- _Given records_
Lemma factored_maps_finite (A : X -> Prop) (V : list Pair) : exists O : list (X -> X),
  forall p, In p V -> forall g, Sim A (snd p) g ->
    exists o, In o O /\ forall x, A x -> fst p (g x) = o x.
Proof.
  induction V as [|p V [O IH]]; [exists []; intros p []|].
  destruct (sim_finite A (snd p)) as [L HL].
  exists (map (fun l x => fst p (l x)) L ++ O).
  intros q [<-|Hq] g Hg.
  - destruct (HL g Hg) as [l [Hl Ag]]. exists (fun x => fst p (l x)). split.
    + apply in_or_app; left. apply in_map_iff; exists l; auto.
    + intros x Hx. rewrite Ag; auto.
  - destruct (IH q Hq g Hg) as [o [Ho Eo]]. exists o; split; auto. apply in_or_app; auto.
Qed.

Lemma glued_maps_finite (As : list (X -> Prop)) (V : list Pair) : exists Fs : list (X -> X),
  forall f', (forall A, In A As -> exists p, In p V /\
                exists g, Sim A (snd p) g /\ forall x, A x -> f' x = fst p (g x)) ->
  exists F, In F Fs /\ forall x, (exists A, In A As /\ A x) -> f' x = F x.
Proof.
  induction As as [|A As [Fs IH]].
  - exists [fun x => x]. intros f' _. exists (fun x => x). split; [now left|].
    intros x [A [[] _]].
  - destruct (factored_maps_finite A V) as [O HO].
    set (glue := fun (o F : X -> X) x => if excluded_middle_informative (A x) then o x else F x).
    exists (flat_map (fun o => map (glue o) Fs) O). intros f' Hf.
    destruct (Hf A (or_introl eq_refl)) as [p [Hp [g [Hg Eg]]]].
    destruct (HO p Hp g Hg) as [o [Ho Eo]].
    destruct (IH f' (fun A' HA' => Hf A' (or_intror HA'))) as [F [HF EF]].
    exists (glue o F). split.
    + apply in_flat_map. exists o. split; auto. apply in_map; auto.
    + intros x [A0 [HA0 Hx]]. unfold glue.
      destruct (excluded_middle_informative (A x)) as [Ax|nAx].
      * rewrite Eg, Eo; auto.
      * apply EF. destruct HA0 as [<-|HA0]; [contradiction|]. exists A0; auto.
Qed.

(** Given a vertex [w] and a ball [B0], there are finitely many classes
    [[f', B0]] all of whose maximal sub-ball restrictions are classes of [w]:
    the maximal sub-balls cover [B0] and [f'] is glued from finitely many
    pieces. *)
Lemma contracted_classes_finite w b (B0 : X -> Prop) : vertex_height d Sim w b ->
  exists CB : list Cls, forall f', is_ball d B0 -> (exists x y, B0 x /\ B0 y /\ x <> y) ->
    (forall A, max_proper_subball d B0 A -> w (cl (f', A))) -> In (cl (f', B0)) CB.
Proof.
  intros Hw. destruct (vertex_classes w b Hw) as [pw [_ [Sw [Mw _]]]].
  destruct (classic (is_ball d B0 /\ exists x y, B0 x /\ B0 y /\ x <> y)) as [[HB H2]|Hn];
    [|exists []; intros f' HB H2; exfalso; apply Hn; auto].
  destruct (maximal_subballs_cover d UM SC B0 HB H2) as [LA [HLA Hcov]].
  destruct (glued_maps_finite LA pw) as [Fs HFs].
  exists (map (fun F => cl (F, B0)) Fs). intros f' _ _ Hwf.
  destruct (HFs f') as [F [HF EF]].
  - intros A HA. pose proof (proj1 (Mw _) (Hwf A (HLA A HA))) as Hin.
    apply in_map_iff in Hin. destruct Hin as [p [Ep Hp]]. exists p; split; auto.
    apply (class_representative f' A p (Sw p Hp) (eq_sym Ep)).
  - apply in_map_iff. exists F. split; auto. symmetry. apply class_agree; auto.
Qed.

Lemma above_finite j : forall v a, vertex_height d Sim v a -> exists L, forall w b,
    vle d Sim v w -> vertex_height d Sim w b -> (b <= a + j)%nat -> In w L.
Proof.
  induction j as [|j IH]; intros v a Ha.
  - exists [v]. intros w b Hvw Hb Hle.
    destruct (vle_heights _ _ Hvw) as [->|[_ [_ Hlt]]]; [now left|].
    specialize (Hlt a b Ha Hb). lia.
  - destruct (successors_finite v (ex_intro _ a Ha)) as [Sc HS].
    destruct (finite_union Sc (fun z w => simple_expansion d Sim v z /\ vle d Sim z w /\
                 exists b, vertex_height d Sim w b /\ (b <= a + S j)%nat)) as [L HL].
    { intros z _. destruct (classic (simple_expansion d Sim v z)) as [He|Hn].
      - pose proof He as [_ [[c Hc] _]].
        pose proof (expansion_raises_height v z a c He Ha Hc).
        destruct (IH z c Hc) as [Lz HLz]. exists Lz.
        intros w [_ [Hzw [b [Hb Hle]]]]. apply (HLz w b); auto; lia.
      - exists []. intros w [He _]; contradiction. }
    exists (v :: L). intros w b Hvw Hb Hle.
    destruct Hvw as [|z w' Hvz Hzw]; [now left|right].
    apply (HL z); eauto.
Qed.

Hypothesis FB : finitely_many_ball_classes d Sim.

(** The removed
    class [[f, B]] of [u] can be moved, along a similarity, onto one of the
    finitely many representative balls [B0]; there it becomes a class whose
    maximal sub-ball restrictions all lie in [w], and these are finitely many. *)
Lemma predecessors_finite w : is_vertex d Sim w ->
  exists L, forall u, simple_expansion d Sim u w -> In u L.
Proof.
  intros [b Hb]. destruct (vertex_classes w b Hb) as [pw [_ [_ [Mw _]]]].
  destruct FB as [Bs HBs].
  destruct (finite_union Bs (fun B0 c => exists f', is_ball d B0 /\
              (exists x y, B0 x /\ B0 y /\ x <> y) /\
              (forall A, max_proper_subball d B0 A -> w (cl (f', A))) /\ c = cl (f', B0)))
    as [CC HCC].
  { intros B0 _. destruct (contracted_classes_finite w b B0 Hb) as [CB HCB].
    exists CB. intros c [f' [H1 [H2 [H3 ->]]]]. apply HCB; auto. }
  destruct (vertices_within (map cl pw ++ CC)) as [LV HLV].
  exists LV. intros u [[a Ha] [_ [f [B [Hu [[x [y [Bx [By Hxy]]]] Hw]]]]]].
  apply (HLV u a Ha). intros c Hc. apply in_or_app.
  destruct (prop_eq_dec c (cl (f, B))) as [->|Hne]; [right|left; apply Mw, Hw; left; auto].
  destruct (vertex_classes u a Ha) as [pu [_ [Su [Mu _]]]].
  apply Mu, in_map_iff in Hu. destruct Hu as [p0 [E0 Hp0]].
  destruct (class_representative_injective f B p0 (Su p0 Hp0) (eq_sym E0)) as [HB _].
  destruct (HBs B HB) as [B0 [HB0 [k Hk]]].
  destruct (sim_inverse _ _ _ Hk) as [ki [Hki [Ek1 Ek2]]].
  set (f' := fun z => f (ki z)).
  assert (Ef' : forall z, B z -> f' (k z) = f z) by (intros z Hz; unfold f'; rewrite Ek1; auto).
  rewrite (class_transport_full B B0 k f f' Hk Ef').
  apply (HCC B0 _ HB0). exists f'. split; [apply (sim_balls _ _ _ Hk)|]. split; [|split; auto].
  - exists (k x), (k y). split; [eapply sim_maps; eauto|]. split; [eapply sim_maps; eauto|].
    intros E. apply Hxy. apply (sim_inj B B0 k); auto.
  - intros A' HA'. pose proof (maximal_subball_transport B0 B ki A' Hki HA') as HA.
    assert (Wc : w (cl (f, image ki A'))) by (apply Hw; right; eauto).
    destruct HA as [HAb [HAB _]].
    rewrite (class_transport B B0 k f f' (image ki A') Hk Ef' HAb HAB) in Wc.
    replace A' with (image k (image ki A')); auto.
    destruct HA' as [_ [HA'B _]]. apply pred_ext; intros z; split.
    + intros [z1 [[z2 [Hz2 <-]] <-]]. rewrite Ek2; auto.
    + intros Hz. exists (ki z). split; [exists z; auto|]. apply Ek2; auto.
Qed.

- _Work task_
Each line from the top of the records through the one with "Hx]]. unfold glue." should be returned exactly. Leave out everything else.

- _Answer to this exercise_
Lemma factored_maps_finite (A : X -> Prop) (V : list Pair) : exists O : list (X -> X),
  forall p, In p V -> forall g, Sim A (snd p) g ->
    exists o, In o O /\ forall x, A x -> fst p (g x) = o x.
Proof.
  induction V as [|p V [O IH]]; [exists []; intros p []|].
  destruct (sim_finite A (snd p)) as [L HL].
  exists (map (fun l x => fst p (l x)) L ++ O).
  intros q [<-|Hq] g Hg.
  - destruct (HL g Hg) as [l [Hl Ag]]. exists (fun x => fst p (l x)). split.
    + apply in_or_app; left. apply in_map_iff; exists l; auto.
    + intros x Hx. rewrite Ag; auto.
  - destruct (IH q Hq g Hg) as [o [Ho Eo]]. exists o; split; auto. apply in_or_app; auto.
Qed.

Lemma glued_maps_finite (As : list (X -> Prop)) (V : list Pair) : exists Fs : list (X -> X),
  forall f', (forall A, In A As -> exists p, In p V /\
                exists g, Sim A (snd p) g /\ forall x, A x -> f' x = fst p (g x)) ->
  exists F, In F Fs /\ forall x, (exists A, In A As /\ A x) -> f' x = F x.
Proof.
  induction As as [|A As [Fs IH]].
  - exists [fun x => x]. intros f' _. exists (fun x => x). split; [now left|].
    intros x [A [[] _]].
  - destruct (factored_maps_finite A V) as [O HO].
    set (glue := fun (o F : X -> X) x => if excluded_middle_informative (A x) then o x else F x).
    exists (flat_map (fun o => map (glue o) Fs) O). intros f' Hf.
    destruct (Hf A (or_introl eq_refl)) as [p [Hp [g [Hg Eg]]]].
    destruct (HO p Hp g Hg) as [o [Ho Eo]].
    destruct (IH f' (fun A' HA' => Hf A' (or_intror HA'))) as [F [HF EF]].
    exists (glue o F). split.
    + apply in_flat_map. exists o. split; auto. apply in_map; auto.
    + intros x [A0 [HA0 Hx]]. unfold glue.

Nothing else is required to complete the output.